Dick Campbell, right, has had twin brother Ian at his side at most of his clubs

When talking about those successes, Campbell goes to great lengths to use the word "we'' rather than "I" or "me" because, according to him, his backroom staff are the real reason behind his success.

"I'm just very lucky that I've got good staff," says Campbell. "I don't do a thing. Seriously, I don't do a thing. I just walk in to that dressing room on a Saturday and say my piece."

Twin brother Ian, John Young and John Ritchie had remained constant pillars of support for Campbell - both professionally and as close friends - for the best part of 40 years. But Ritchie passed away last summer after a suffering with cancer, forcing the Arbroath manager to soldier on without his best pal and valued advisor.

"We dedicated the Championship win to John. I just miss him so much," says Campbell, before eulogising the man who helped him recover from his own cancer scare nine years ago.

"John and I used to walk every day around the meadows in Loch Hourn after my doctor told me I needed to get more exercise. We did that for three years and told the same stories every day. We used to sit in the back of John [Young] or my brother's car and the two of us would sit and listen to the two of them talk about tactics while we ate a bag of sweeties and reminisced about the laughs that we had.

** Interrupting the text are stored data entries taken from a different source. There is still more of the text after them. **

Lemma kernel_sum_cons p r :
  kernel_sum (p :: r) = lincomb p.1 (k p.2) 1 (kernel_sum r).
Proof. by apply: funext => y; rewrite /kernel_sum /lincomb big_cons mul1r. Qed.

Definition lincomb_pts (a : R) (r : seq (R * X)) (b : R) (s : seq (R * X)) :=
  [seq (a * p.1, p.2) | p <- r] ++ [seq (b * p.1, p.2) | p <- s].

Lemma kernel_sum_lincomb a r b s :
  kernel_sum (lincomb_pts a r b s) = lincomb a (kernel_sum r) b (kernel_sum s).
Proof.
apply: funext => y; rewrite /kernel_sum /lincomb big_cat !big_map !mulr_sumr.
by congr (_ + _); apply: eq_bigr => p _; rewrite mulrA.
Qed.

Lemma eval_sum_lincomb h a r b s :
  eval_sum h (lincomb_pts a r b s) = a * eval_sum h r + b * eval_sum h s.
Proof.
rewrite /eval_sum big_cat !big_map !mulr_sumr.
by congr (_ + _); apply: eq_bigr => p _; rewrite mulrA.
Qed.

Lemma kernel_sum1 x : kernel_sum [:: (1, x)] = k x.
Proof. by apply: funext => y; rewrite /kernel_sum big_seq1 mul1r. Qed.

Lemma eval_sum1 h x : eval_sum h [:: (1, x)] = h x.
Proof. by rewrite /eval_sum big_seq1 mul1r. Qed.

Lemma V_kernel_sum r : V (kernel_sum r).
Proof.
elim: r => [|p r IHr]; first by rewrite kernel_sum_nil.
by rewrite kernel_sum_cons; exact: V_lincomb (k_reproducing _).1 IHr.
Qed.

Lemma ip_kernel_sum f r : V f -> ip f (kernel_sum r) = eval_sum f r.
Proof.
move=> Vf; elim: r => [|p r IHr]; first by rewrite kernel_sum_nil ip0r // /eval_sum big_nil.
have [Vk k_ip] := k_reproducing p.2; have Vr := V_kernel_sum r.
rewrite kernel_sum_cons ip_lincombr // IHr k_ip //.
by rewrite /eval_sum big_cons mul1r mulrC.
Qed.

Lemma ip_kernel_sum_invariant (phi : X -> X) r :
  (forall x y, k (phi x) (phi y) = k x y) ->
  ip (kernel_sum [seq (p.1, phi p.2) | p <- r]) (kernel_sum [seq (p.1, phi p.2) | p <- r])
  = ip (kernel_sum r) (kernel_sum r).
Proof.
move=> k_phi; rewrite !(ip_kernel_sum _ (V_kernel_sum _)) /eval_sum big_map.
apply: eq_bigr => p _ /=; congr (_ * _).
by rewrite /kernel_sum big_map; apply: eq_bigr => q _; rewrite k_phi.
Qed.

Section Energy.
Variable h : X -> R.

Definition energy (r : seq (R * X)) : R :=
  ip (kernel_sum r) (kernel_sum r) / 2 - eval_sum h r.

Lemma energy_midpoint r s :
  energy (lincomb_pts (1 / 2) r (1 / 2) s) = (energy r + energy s) / 2
    - ip (kernel_sum r \- kernel_sum s) (kernel_sum r \- kernel_sum s) / 8.
Proof.
have Vr := V_kernel_sum r; have Vs := V_kernel_sum s.
by rewrite /energy kernel_sum_lincomb eval_sum_lincomb sub_lincomb !ip_lincomb //; field.
Qed.

Lemma energy_shift r s t :
  energy (lincomb_pts 1 r t s) = energy r
    + t * (ip (kernel_sum r) (kernel_sum s) - eval_sum h s)
    + ip (kernel_sum s) (kernel_sum s) / 2 * t ^+ 2.
Proof.
have Vr := V_kernel_sum r; have Vs := V_kernel_sum s.
by rewrite /energy kernel_sum_lincomb eval_sum_lincomb ip_lincomb //; field.
Qed.

Lemma energy_ge (C : R) :
  (forall r, `|eval_sum h r| <= C * ipnorm ip (kernel_sum r)) ->
  forall r, - (C ^+ 2) / 2 <= energy r.
Proof.
move=> h_bound r; have := h_bound r; rewrite /energy -(sqr_ipnorm (V_kernel_sum r)).
have := ler_norm (eval_sum h r); have := sqr_ge0 (ipnorm ip (kernel_sum r) - C); nra.
Qed.

Lemma energy_dist (Vh : V h) r :
  energy r = (ip (kernel_sum r \- h) (kernel_sum r \- h) - ip h h) / 2.
Proof.
have Vr := V_kernel_sum r.
by rewrite /energy -ip_kernel_sum // sub_lincomb ip_lincomb // (ipC Vh Vr); field.
Qed.

Section NearMinimizers.
Variable m : R.
Hypothesis m_le_energy : forall r, m <= energy r.

Lemma near_minimizers_close r s :
  ip (kernel_sum r \- kernel_sum s) (kernel_sum r \- kernel_sum s)
    <= 4 * ((energy r - m) + (energy s - m)).
Proof. have := m_le_energy (lincomb_pts (1 / 2) r (1 / 2) s); rewrite energy_midpoint; lra. Qed.

Lemma near_minimizer_eval r x :
  (kernel_sum r x - h x) ^+ 2 <= 2 * k x x * (energy r - m).
Proof.
have [Vk k_ip] := k_reproducing x.
have k_ge0 : 0 <= k x x / 2 by rewrite -(k_ip _ Vk) divr_ge0 ?ip_ge0.
suff : (kernel_sum r x - h x) ^+ 2 <= 4 * (energy r - m) * (k x x / 2) by lra.
apply: quadratic_ge_discriminant k_ge0 _ => t.
have := m_le_energy (lincomb_pts 1 r t [:: (1, x)]).
rewrite energy_shift kernel_sum1 eval_sum1 (k_ip _ (V_kernel_sum r)) (k_ip _ Vk); lra.
Qed.

End NearMinimizers.
End Energy.

Lemma cvg_pointwise_of_ipnorm (u : nat -> X -> R) f :
  (forall n, V (u n)) -> V f -> (fun n => ipnorm ip (u n \- f)) @ \oo --> 0 ->
  forall x, (fun n => u n x) @ \oo --> f x.
Proof.
move=> Vu Vf u_f x; have [Vk k_ip] := k_reproducing x.
apply: (@cvg_of_sqr_dist_le _ _ (fun n => ipnorm ip (u n \- f) ^+ 2) (k x x)).
  move=> n; have V_uf : V (u n \- f) by rewrite sub_lincomb; exact: V_lincomb.
  by have := ip_cauchy_schwarz V_uf Vk; rewrite !k_ip // sqr_ipnorm // mulrC.
by rewrite -(mul0r 0); under eq_fun do rewrite expr2; apply: cvgM.
Qed.

Hypothesis V_complete : forall u : nat -> X -> R, (forall n, V (u n)) ->
  (forall e : R, 0 < e -> exists N, forall i j, (N <= i)%N -> (N <= j)%N ->
     ipnorm ip (u i \- u j) < e) ->
  exists2 f, V f & (fun n => ipnorm ip (u n \- f)) @ \oo --> (0 : R).

Lemma mem_rkhs_of_eval_sum_le (h : X -> R) (C : R) : 0 <= C ->
  (forall r, `|eval_sum h r| <= C * ipnorm ip (kernel_sum r)) ->
  V h /\ ipnorm ip h <= C.
Proof.
move=> C_ge0 h_bound.
have [m m_le [rs rsP]] := exists_minimizing_seq [::] (energy_ge h_bound).
pose u n := kernel_sum (rs n).
have Vu n : V (u n) := V_kernel_sum (rs n).
have u_cauchy (e : R) : 0 < e -> exists N, forall i j, (N <= i)%N -> (N <= j)%N ->
    ipnorm ip (u i \- u j) < e.
  move=> e_gt0; have e8_gt0 : 0 < e ^+ 2 / 8 by rewrite divr_gt0 ?exprn_gt0.
  have [N _ HN] : \forall n \near \oo, (n.+1%:R^-1 : R) < e ^+ 2 / 8 :=
    near_infty_natSinv_lt (PosNum e8_gt0).
  exists N => i j /HN hi /HN hj.
  rewrite -(@ltr_pXn2r _ 2) ?nnegrE ?sqrtr_ge0 ?ltW // sqr_ipnorm; last first.
    by rewrite sub_lincomb; exact: V_lincomb.
  apply: le_lt_trans (near_minimizers_close m_le _ _) _.
  have := rsP i; have := rsP j.
  by move: (i.+1%:R^-1) (j.+1%:R^-1) hi hj => a b; lra.
have [f Vf u_f] := V_complete Vu u_cauchy.
have f_h : f = h.
  apply: funext => x.
  have k_ge0 : 0 <= k x x by have [Vk <-] := k_reproducing x; rewrite ?ip_ge0.
  have u_h : (fun n => u n x) @ \oo --> h x.
    apply: (@cvg_of_sqr_dist_le _ _ (fun n => n.+1%:R^-1) (2 * k x x)); last exact: cvg_harmonic.
    move=> n; apply: le_trans (near_minimizer_eval m_le _ _) _.
    by rewrite ler_wpM2l ?mulr_ge0 // lerBlDl.
  exact: cvg_unique (cvg_pointwise_of_ipnorm (x := x) Vu Vf u_f) u_h.
subst f; split => //.
suff h_sqr : ip h h <= C ^+ 2 by rewrite -(ger0_norm C_ge0) -sqrtr_sqr ler_wsqrtr.
apply: (@ler_cvg_to _ \oo _ _ (cst (ip h h)) (fun n => C ^+ 2 + ipnorm ip (u n \- h) ^+ 2)).
- exact: cvg_cst.
- rewrite -[X in _ --> X]addr0 -(mul0r 0); apply: cvgD; first exact: cvg_cst.
  by under eq_fun do rewrite expr2; apply: cvgM.
- near=> n; have V_uh : V (u n \- h) by rewrite sub_lincomb; exact: V_lincomb.
  by have := energy_ge h_bound (rs n); rewrite (energy_dist Vf) -(sqr_ipnorm V_uh) /=; lra.
Unshelve. all: by end_near.
Qed.

End Kernel.
End InnerProduct.

Section Integration.
Context d (T : measurableType d) (R : realType).
Lemma first_zero (h : R -> R) T :
  (forall t, 0 < t <= T -> continuity_pt h t) ->
  (exists d, 0 < d /\ forall x, 0 <= x < d -> 0 < h x) ->
  (exists t, 0 <= t <= T /\ h t <= 0) ->
  exists tau, 0 < tau <= T /\ h tau = 0 /\ forall s, 0 <= s < tau -> 0 < h s.
Proof.
  intros Hc [d [Hd Hinit]] [t [Ht Hht]].
  set (A := fun x => 0 <= x <= t /\ forall s, 0 <= s <= x -> 0 < h s).
  assert (Hdt : d <= t) by (destruct (Rlt_le_dec t d); [specialize (Hinit t); lra | lra]).
  destruct (completeness A) as [tau [Hub Hlub]].
  - exists t. intros x [Hx _]. lra.
  - exists 0. split; [lra|]. intros s Hs. apply Hinit. lra.
  assert (Hd2 : d / 2 <= tau).
  { apply Hub. split; [lra|]. intros s Hs. apply Hinit. lra. }
  assert (Htau_t : tau <= t) by (apply Hlub; intros x [Hx _]; lra).
  assert (Hpos : forall s, 0 <= s < tau -> 0 < h s).
  { intros s Hs. destruct (Rlt_le_dec 0 (h s)) as [|Hns]; [assumption|exfalso].
    enough (tau <= s) by lra.
    apply Hlub. intros x [Hx HAx].
    destruct (Rle_lt_dec x s) as [|Hsx]; [assumption|].
    specialize (HAx s ltac:(lra)). lra. }
  assert (Hctau : continuity_pt h tau) by (apply Hc; lra).
  exists tau. split; [lra|]. split; [|exact Hpos].
  destruct (Rtotal_order (h tau) 0) as [Hneg|[Hz|Hpos_tau]]; [exfalso| exact Hz | exfalso].
  - destruct (continuity_pt_pos_near (fun y => - h y) tau) as [e [He Hnear]].
    + now apply continuity_pt_opp.
    + lra.
    + set (s := tau - Rmin e tau / 2).
      assert (0 < Rmin e tau) by (apply Rmin_glb_lt; lra).
      pose proof (Rmin_l e tau). pose proof (Rmin_r e tau).
      specialize (Hnear s ltac:(unfold s; rewrite Rabs_left; lra)).
      specialize (Hpos s ltac:(unfold s; lra)). lra.
  - destruct (continuity_pt_pos_near h tau Hctau Hpos_tau) as [e [He Hnear]].
    assert (Htau_lt : tau < t) by (destruct (Req_dec tau t) as [<-|]; lra).
    pose proof (Rmin_l (tau + e / 2) t). pose proof (Rmin_r (tau + e / 2) t).
    assert (tau < Rmin (tau + e / 2) t) by (apply Rmin_glb_lt; lra).
    set (x := Rmin (tau + e / 2) t) in *.
    enough (A x) by (assert (x <= tau) by (apply Hub; assumption); lra).
    split; [lra|]. intros s Hs.
    destruct (Rlt_le_dec s tau); [apply Hpos; lra|].
    apply Hnear. rewrite Rabs_right; lra.
Qed.
(* (1) Let $(\mathcal T,(N_A,R_A),(N_B,R_B),\mathbb C,\xi)$ be an object of $\mathrm{RArr}(\mathcal A,\mathcal B)$, i.e. $\mathbb C=(C,\Delta,\varepsilon)$ is a comonad on $\mathcal A$ and $(R_A,\xi)$ is a comonad arrow from $\mathbb C$ to $N_BR_B$ with $\xi:CR_A\to R_AN_BR_B$ invertible. Then $(\mathcal T,(N_A,R_A),(N_B,R_B),\tau)$ is a pre-torsor, where $\tau=(\xi N_AR_AN_B)\circ(C\eta^AR_AN_B)\circ(\xi^{-1}N_B)\circ(R_AN_B\eta^B)$. (2) If $(F,t)$ is a morphism $(\mathcal T,(N_A,R_A),(N_B,R_B),\mathbb C,\xi)\to(\mathcal T',(N'_A,R'_A),(N'_B,R'_B),\mathbb C',\xi')$ in $\mathrm{RArr}(\mathcal A,\mathcal B)$, then $F$ is a morphism between the corresponding pre-torsors of (1).
   Context: Conventions: $\circ$ vertical composition, juxtaposition horizontal composition; a functor's name denotes its identity transformation. Adjunctions $(N_A:\mathcal A\to\mathcal T,R_A)$, $(N_B:\mathcal B\to\mathcal T,R_B)$ with units $\eta^A,\eta^B$, counits $\epsilon^A,\epsilon^B$; $N_BR_B$ is a comonad on $\mathcal T$ with comultiplication $N_B\eta^BR_B$, counit $\epsilon^B$. A comonad arrow $(R_A,\xi)$ from $\mathbb C$ to $N_BR_B$ means $\xi:CR_A\to R_AN_BR_B$ with $(R_A\epsilon^B)\circ\xi=\varepsilon R_A$ and $(R_AN_B\eta^BR_B)\circ\xi=(\xi N_BR_B)\circ(C\xi)\circ(\Delta R_A)$. Pre-torsor: natural $\tau:R_AN_B\to R_AN_BR_BN_AR_AN_B$ with $(R_AN_BR_B\epsilon^AN_B)\circ\tau=R_AN_B\eta^B$, $(R_A\epsilon^BN_AR_AN_B)\circ\tau=\eta^AR_AN_B$, $(R_AN_BR_BN_A\tau)\circ\tau=(\tau R_BN_AR_AN_B)\circ\tau$. For a functor $F:\mathcal T'\to\mathcal T$ with $R_AF=R'_A$, $R_BF=R'_B$ put $a=(\epsilon^AFN'_A)\circ(N_A\eta'^A)$, $b=(\epsilon^BFN'_B)\circ(N_B\eta'^B)$. A morphism of pre-torsors is such $F$ with $(R_AbR_BaR_Ab)\circ\tau=\tau'\circ(R_Ab)$. A morphism in $\mathrm{RArr}(\mathcal A,\mathcal B)$ is a pair $(F,t)$ with $F$ such a functor and $t:\mathbb C\to\mathbb C'$ a comonad morphism satisfying $(R_AbR'_B)\circ(\xi F)=\xi'\circ(tR'_A)$. *)

(* Natural transformations are handled through their component families;
   an equation between natural transformations is stated componentwise. *)
Set Implicit Arguments.
Unset Strict Implicit.

Record Category := {
  ob :> Type;
  hom : ob -> ob -> Type;
  idm : forall a, hom a a;
  cmp : forall a b c, hom b c -> hom a b -> hom a c;
  cmp_id_l : forall a b (f : hom a b), cmp (idm b) f = f;
  cmp_id_r : forall a b (f : hom a b), cmp f (idm a) = f;
  cmp_assoc : forall a b c d (f : hom a b) (g : hom b c) (h : hom c d),
      cmp h (cmp g f) = cmp (cmp h g) f }.
Arguments hom {c} _ _ : rename.
Arguments idm {c} a : rename.
Arguments cmp {c a b c0} _ _ : rename.

(* vertical composition: g \oc f = "g after f" *)
Notation "g \oc f" := (cmp g f) (at level 40, left associativity).

Record Functor (C D : Category) := {
  fobj :> C -> D;
  fmap : forall a b : C, hom a b -> hom (fobj a) (fobj b);
  fmap_id : forall a : C, fmap (idm a) = idm (fobj a);
  fmap_comp : forall (a b c : C) (f : hom a b) (g : hom b c),
      fmap (g \oc f) = fmap g \oc fmap f }.
Arguments fmap {C D} F {a b} _ : rename.

Definition Fcomp (C D E : Category) (G : Functor D E) (F : Functor C D)
  : Functor C E.
Proof.
  refine {| fobj := fun x => G (F x);
            fmap := fun a b f => fmap G (fmap F f) |}.
  - intro a. rewrite !fmap_id. reflexivity.
  - intros a b c f g. rewrite !fmap_comp. reflexivity.
Defined.

Record Adjunction (A T : Category) (N : Functor A T) (R : Functor T A) := {
  unit : forall x : A, hom x (R (N x));
  counit : forall y : T, hom (N (R y)) y;
  unit_nat : forall (x x' : A) (f : hom x x'),
      unit x' \oc f = fmap R (fmap N f) \oc unit x;
  counit_nat : forall (y y' : T) (g : hom y y'),
      g \oc counit y = counit y' \oc fmap N (fmap R g);
  triangle_N : forall x : A, counit (N x) \oc fmap N (unit x) = idm (N x);
  triangle_R : forall y : T, fmap R (counit y) \oc unit (R y) = idm (R y) }.
Arguments unit {A T N R} _ x : rename.
Arguments counit {A T N R} _ y : rename.

Record Comonad (A : Category) := {
  cfun :> Functor A A;
  delta : forall x : A, hom (cfun x) (cfun (cfun x));
  ceps : forall x : A, hom (cfun x) x;
  delta_nat : forall (x x' : A) (f : hom x x'),
      delta x' \oc fmap cfun f = fmap cfun (fmap cfun f) \oc delta x;
  ceps_nat : forall (x x' : A) (f : hom x x'),
      ceps x' \oc fmap cfun f = f \oc ceps x;
  counit_l : forall x : A, ceps (cfun x) \oc delta x = idm (cfun x);
  counit_r : forall x : A, fmap cfun (ceps x) \oc delta x = idm (cfun x);
  coassoc : forall x : A,
      delta (cfun x) \oc delta x = fmap cfun (delta x) \oc delta x }.
Arguments delta {A} _ x : rename.
Arguments ceps {A} _ x : rename.

Section RArr.
Variables (A B : Category).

"That's what football gives you - memories and a lot of broken hearts. A lot of happy times and a lot of sad times. But the jovial times outlive the bad times."

As he prepares for a season which Campbell believes will be the "hardest of his career", the elder statesman of Scottish football does not seem worried or intimidated. Where a younger, inexperienced coach may approach the campaign with overconfidence or blind naivety, Campbell has plenty of anticipation but nothing left to prove.

"When I look back at all I've done, I don't really care," says Campbell. "My accolades are all here for all to see. And they're there for my children to get when I'm no longer here. Maybe they'll recognise that their dad wasn't bad at what he did."